TOM RUSSELL REVIVES LOST VOICES THROUGH MUSIC
By Barry
Gilbert
St. Louis Post-Dispatch
March 3, 2005
Singer-songwriter
Tom Russell has had one of his best runs, a four-year
period of three well-received CDs, popular
performance-schmoozefest train trips in Canada and two
appearances on TV with David Letterman. If Russell is not quite an insider, in mainstream terms, he's as close as he's ever been. But he doesn't feel like an insider -- indeed, he says, he doesn't want to be one. And his new project, "Hotwalker," will confound the expectations of those expecting another "Borderland" (2001) -- a Tex-Mex-fueled study of relationships -- or "Indians Cowboys Horses Dogs" (2004) -- a collection of cowboy songs. "Hotwalker" does, however, bear a kind of psychic connection to "Modern Art" (2003), songs that looked at athletes, poets and songwriters in popular culture, including blue-collar poet Charles Bukowski. "Hotwalker" is a mesmerizing story of outsider culture in America, seen through the prism of Russell's youth in 1950s and 1960s Los Angeles and the words of, among others, Bukowski, folksingers Dave Van Ronk and Woody Guthrie, environmental activist and writer Edward Abbey, and a character named Little Jack Horton, a carnival midget and world-class ranter. |
Part spoken word, part musical, "Hotwalker" takes the listener on a tour of bars, coffeehouses, carnival sideshows, border dives and revival tents of a time and place that no longer exist in a country that eats its rebels and spits them out as moneymaking icons.

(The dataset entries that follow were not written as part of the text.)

Definition GC8 (m gamma z : R) : R :=
  Derive (fun C => Gf m gamma z (V8 m gamma z) C) (C8 m gamma z).
Definition GV8 (m gamma z : R) : R :=
  Derive (fun V => Gf m gamma z V (C8 m gamma z)) (V8 m gamma z).
Definition FC8 (m gamma z : R) : R :=
  Derive (fun C => Ff m gamma z (V8 m gamma z) C) (C8 m gamma z).
Definition FV8 (m gamma z : R) : R :=
  Derive (fun V => Ff m gamma z V (C8 m gamma z)) (V8 m gamma z).

Definition is_neg_slope (m gamma z c : R) : Prop :=
  c < 0 /\ - GC8 m gamma z * c ^ 2 + (FC8 m gamma z - GV8 m gamma z) * c
           + FV8 m gamma z = 0.

Definition V1g (gamma : R) : R := - 2 / (gamma + 1).
Definition C1g (gamma : R) : R := sqrt (2 * gamma * (gamma - 1)) / (gamma + 1).
Definition zM (gamma : R) : R := / (sqrt gamma + sqrt 2) ^ 2.
Definition z2 (gamma : R) : R := (sqrt 33 - 3) / (6 + 2 * sqrt 33 + 4 * gamma).
Definition gamma1 : R := 1 + sqrt 2.

(* Sol m gamma z C : C is the solution C(.; gamma, z, P8) on [V1, V8]:
   - near V8 (on the left, up to and including V8) C is given by a convergent
     power series centred at V8 (real-analytic at V8), with C(V8) = C8 and
     C'(V8) = the negative root c;
   - on [V1, V8) C solves dC/dV = F/G (with G <> 0 along the curve),
     C is continuous at V1 from the right, and C > 0 on [V1, V8]. *)
Definition Sol (m gamma z : R) (C : R -> R) : Prop :=
  let v1 := V1g gamma in
  let v8 := V8 m gamma z in
  v1 < v8 /\
  (exists (r : R) (a : nat -> R) (c : R),
      0 < r /\ is_neg_slope m gamma z c /\
      a 0%nat = C8 m gamma z /\ a 1%nat = c /\
      (forall x, Rabs (x - v8) < r -> ex_pseries a (x - v8)) /\
      (forall x, v8 - r < x <= v8 -> is_pseries a (x - v8) (C x))) /\
  (forall V, v1 <= V < v8 ->
      Gf m gamma z V (C V) <> 0) /\
  (forall V, v1 < V < v8 ->
      is_derive C V (Ff m gamma z V (C V) / Gf m gamma z V (C V))) /\
  filterlim C (at_right v1) (locally (C v1)) /\
  (forall V, v1 <= V <= v8 -> 0 < C V).

From Stdlib Require Import Reals Lra Lia QArith Qreals List.
From Coquelicot Require Import Coquelicot.
Open Scope R_scope.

The title refers to the lowest job at the racetrack, the guy who cools down hot horses by walking them. Its subtitle is "Charles Bukowski and a Ballad for Gone America."
Russell, 55, will be talking about some of these outsider voices when he plays Off Broadway on Monday night with his longtime bandmate, guitarist Andrew Hardin, who also has a new CD, "Blue Acoustic."

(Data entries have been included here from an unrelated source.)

(* Let $\hat{A}\in\{0,1\}^{n\times n}$ be symmetric with exactly $m$ non-zero entries and no zero row, and let $d_i=\sum_j\hat{A}_{ij}$. Let $V=\{1,\dots,n\}$ be partitioned into $k$ disjoint groups $B_1,\dots,B_k$, and let $\overline{F}\in\mathbb{R}^{n\times n}$ be a $k\times k$ block matrix with respect to this partition: there is a symmetric $C\in\mathbb{R}^{k\times k}$ with $\overline{F}_{ab}=C_{pq}$ whenever $a\in B_p$, $b\in B_q$. Set $c=\sum_{a,b}\overline{F}_{ab}\hat{A}_{ab}$. Consider the Lagrange dual function of the maximum entropy model with one constraint on each node degree and one constraint given by $\overline{F}$: $$L(\lambda_1,\dots,\lambda_n,\mu)=\sum_{a=1}^n\sum_{b=1}^n\log\bigl(1+\exp(\lambda_a+\mu\overline{F}_{ab})\bigr)-\sum_{a=1}^n d_a\lambda_a-c\,\mu ,$$ a convex function on $\mathbb{R}^{n+1}$. Let $W\subseteq\mathbb{R}^{n+1}$ be the linear subspace of vectors $(\lambda,\mu)$ with $\lambda_a=\lambda_b$ whenever $a,b$ lie in the same group $B_p$ and $d_a=d_b$. Then $W$ has dimension at most $\sqrt{2km}+1$, the restriction of $L$ to $W$ is an unconstrained convex function of at most $\sqrt{2km}+1$ free variables, $\inf_{W}L=\inf_{\mathbb{R}^{n+1}}L$, and every minimizer of $L$ on $W$ is a global minimizer of $L$. In particular, the maximum entropy model can be solved by optimizing an unconstrained convex problem with at most $\sqrt{2km}+1$ variables.
   Context: Maximum entropy (MaxEnt) model: given feature matrices $F_l=[f^l_{ij}]\in\mathbb{R}^{n\times n}$, $l=1,\dots,M$, and an observed adjacency matrix $\hat{A}$, one seeks the distribution $P$ over $\{0,1\}^{n\times n}$ maximizing the entropy $-\mathbb{E}_P[\log P(A)]$ subject to $\mathbb{E}_P[\sum_{i,j}f^l_{ij}A_{ij}]=c_l:=\sum_{i,j}f^l_{ij}\hat{A}_{ij}$ for all $l$. Its solution is obtained from minimizers $(\lambda_l)$ of the Lagrange dual $\sum_{i,j}\log(1+\exp(\sum_l f^l_{ij}\lambda_l))-\sum_l c_l\lambda_l$. A degree constraint for node $a$ corresponds to the feature matrix with ones in row $a$ and zeros elsewhere (multiplier $\lambda_a$), and the global constraint corresponds to $\overline{F}$ (multiplier $\mu$), which yields the function $L$ above. *)

From Stdlib Require Import Reals Lra Lia.
Open Scope R_scope.

(* Indices are 0-based: nodes are 0..n-1, groups are 0..k-1. *)

Fixpoint rsum (N : nat) (f : nat -> R) : R :=
  match N with
  | O => 0
  | S N' => rsum N' f + f N'
  end.

Fixpoint ncount (N : nat) (P : nat -> bool) : nat :=
  match N with
  | O => O
  | S N' => (ncount N' P + (if P N' then 1 else 0))%nat
  end.

Fixpoint nsum (N : nat) (g : nat -> nat) : nat :=
  match N with
  | O => O
  | S N' => (nsum N' g + g N')%nat
  end.

(* A {0,1}-matrix is given as a boolean matrix A; its real entries are b2R. *)
Definition b2R (b : bool) : R := if b then 1 else 0.

Definition nnz (n : nat) (A : nat -> nat -> bool) : nat :=
  nsum n (fun i => ncount n (fun j => A i j)).

Definition deg (n : nat) (A : nat -> nat -> bool) (i : nat) : R :=
  rsum n (fun j => b2R (A i j)).

Definition cconst (n : nat) (A : nat -> nat -> bool) (F : nat -> nat -> R) : R :=
  rsum n (fun a => rsum n (fun b => F a b * b2R (A a b))).

(* Vectors of R^{n+1}: a pair (lambda, mu); only lambda a for a < n matter. *)
Definition vec : Type := ((nat -> R) * R)%type.

Definition Ldual (n : nat) (A : nat -> nat -> bool) (F : nat -> nat -> R)
  (x : vec) : R :=
  rsum n (fun a => rsum n (fun b => ln (1 + exp (fst x a + snd x * F a b))))
  - rsum n (fun a => deg n A a * fst x a)
  - cconst n A F * snd x.

Definition veq (n : nat) (x y : vec) : Prop :=
  (forall a, (a < n)%nat -> fst x a = fst y a) /\ snd x = snd y.

Definition vzero : vec := (fun _ => 0, 0).

Definition lincomb (r : nat) (v : nat -> vec) (coef : nat -> R) : vec :=
  (fun a => rsum r (fun i => coef i * fst (v i) a),
   rsum r (fun i => coef i * snd (v i))).

(* v 0, ..., v (r-1) is a basis of the subspace W (given by membership inW)
   of R^{n+1}; hence dim W = r. *)
Definition is_basis (n : nat) (inW : vec -> Prop) (r : nat) (v : nat -> vec) : Prop :=
  (forall i, (i < r)%nat -> inW (v i)) /\
  (forall w, inW w -> exists coef : nat -> R, veq n w (lincomb r v coef)) /\
  (forall coef : nat -> R, veq n (lincomb r v coef) vzero ->
     forall i, (i < r)%nat -> coef i = 0).

Definition inW (n : nat) (A : nat -> nat -> bool) (grp : nat -> nat) (x : vec) : Prop :=
  forall a b, (a < n)%nat -> (b < n)%nat -> grp a = grp b ->
    deg n A a = deg n A b -> fst x a = fst x b.

(* convexity of a function on R^r (coordinates nat -> R, only i < r used) *)
Definition convex_on_Rr (G : (nat -> R) -> R) : Prop :=
  forall (c1 c2 : nat -> R) (t : R), 0 <= t <= 1 ->
    G (fun i => t * c1 i + (1 - t) * c2 i) <= t * G c1 + (1 - t) * G c2.

(* L is a sum of softplus terms of affine functions, hence convex.  Call two nodes
   equivalent when they lie in the same group and have the same degree.  Replacing lambda
   by its average over equivalence classes does not increase L: the partial derivative of
   the softplus part in lambda_a at the averaged point is constant on classes (F_ab depends
   only on the group of a), so is d_a, and averaging is orthogonal to class-constant
   vectors; the tangent-line inequality of softplus then gives L(x) >= L(avg x).  Hence
   inf_W L = inf L and minimizers on W are global.  W is spanned by the class indicators and
   the mu-direction.  Within a group the classes have pairwise distinct degrees, which are
   positive since A has no zero row, so c_p classes in group p carry degree sum at least
   c_p (c_p + 1) / 2; summing over the k groups and applying Cauchy-Schwarz bounds the
   squared number of classes by 2 k m. *)

From Stdlib Require Import Reals Lra Lia List.
Open Scope R_scope.

Lemma rsum_ext N f g : (forall i, (i < N)%nat -> f i = g i) -> rsum N f = rsum N g.
Proof.
  induction N as [|N IH]; simpl; intros H; [reflexivity|].
  rewrite IH, H; auto; intros; apply H; lia.
Qed.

"They were peculiar individual voices who said what was on their minds," Russell, on the phone from his home in El Paso, Texas, says of the lines that unite these outsiders. "That's lacking right now. They didn't toe a particular line. They created art in their own way, and they're linked in that respect.
"We live in a dead (expletive) culture, and nothing inspiring is happening. I hate to be so blunt. We don't have any songwriters now, painters or big-league journalists. We have Dylan still around, who's survived in spite of a culture that's killed these kinds of voices."
On "Hotwalker," we hear these voices, backed by music ranging from Tex-Mex to cool jazz, speaking from the grave. Bukowski reads his poem "On the Hustle"; Lenny Bruce performs "Marriage, Divorce and Motels." Jack Kerouac, with Steve Allen on piano, delivers "October in the Railroad Earth." And Van Ronk performs, and then stars in a hilarious Russell memoir of a night spent on the great folksinger's couch. Little Jack's contributions include his tale of stealing a train with Bukowski, a prank Russell says was reported in the newspapers as "Train Goes to Pacoima by Itself."
And there's Russell music, too, including "Grapevine," a Bakersfield meets Tex-Mex story of Okie migration to California.
Russell was that close to becoming what he so disdains today. He holds a master's degree in criminology and has one long-out-of-print mystery novel to his credit. He even taught school in Biafra on a $1,000 Rockefeller Foundation grant. But the academic life and, especially, his fellow academics were not for him.
Russell says he considers himself an outsider, too, and always did.
"I've just come to terms with it late in life," he says. "Way back when, I never felt part of anything. I walked through it all, when I went to Catholic school and played on the football team. But I never felt part of it. I always was a daydreamer. I was always reading the Beats and listening to Dylan. But I didn't act on it till later, and I'm glad I did."
Bukowski, who died at age 74 in 1994, is the particular inspiration for "Hotwalker." Russell's first exposure to Bukowski came in the late '60s. Russell had just gotten out of high school and was going to college when he discovered Bukowski's column, "Notes of a Dirty Old Man," in Open City, an LA underground newspaper.
Russell collected about 40 of the columns and later gave them to Bukowski, who hadn't saved any of the old papers.
"He was so pleased, we began to correspond," Russell says. "I corresponded with him from the late '60s into the '90s." Those letters form the core of "Tough Company," a book of Russell's poetry scheduled to be published this month by Mystery Island's Black Shark Press. "Hotwalker" was released Tuesday.
Later this year, Russell is hoping to release "Love and Fear," a collection of love songs, that will make 2005 one of his busiest years.
"I'll tell you what," Russell says. "About eight months ago, I quit drinking -- just to see what it was like -- and broke up with a woman. I wanted to make a big change in my life and focus on these projects. I didn't want to jump into another disastrous relationship. So I'm spending a year getting my business totally out there on the rails and running."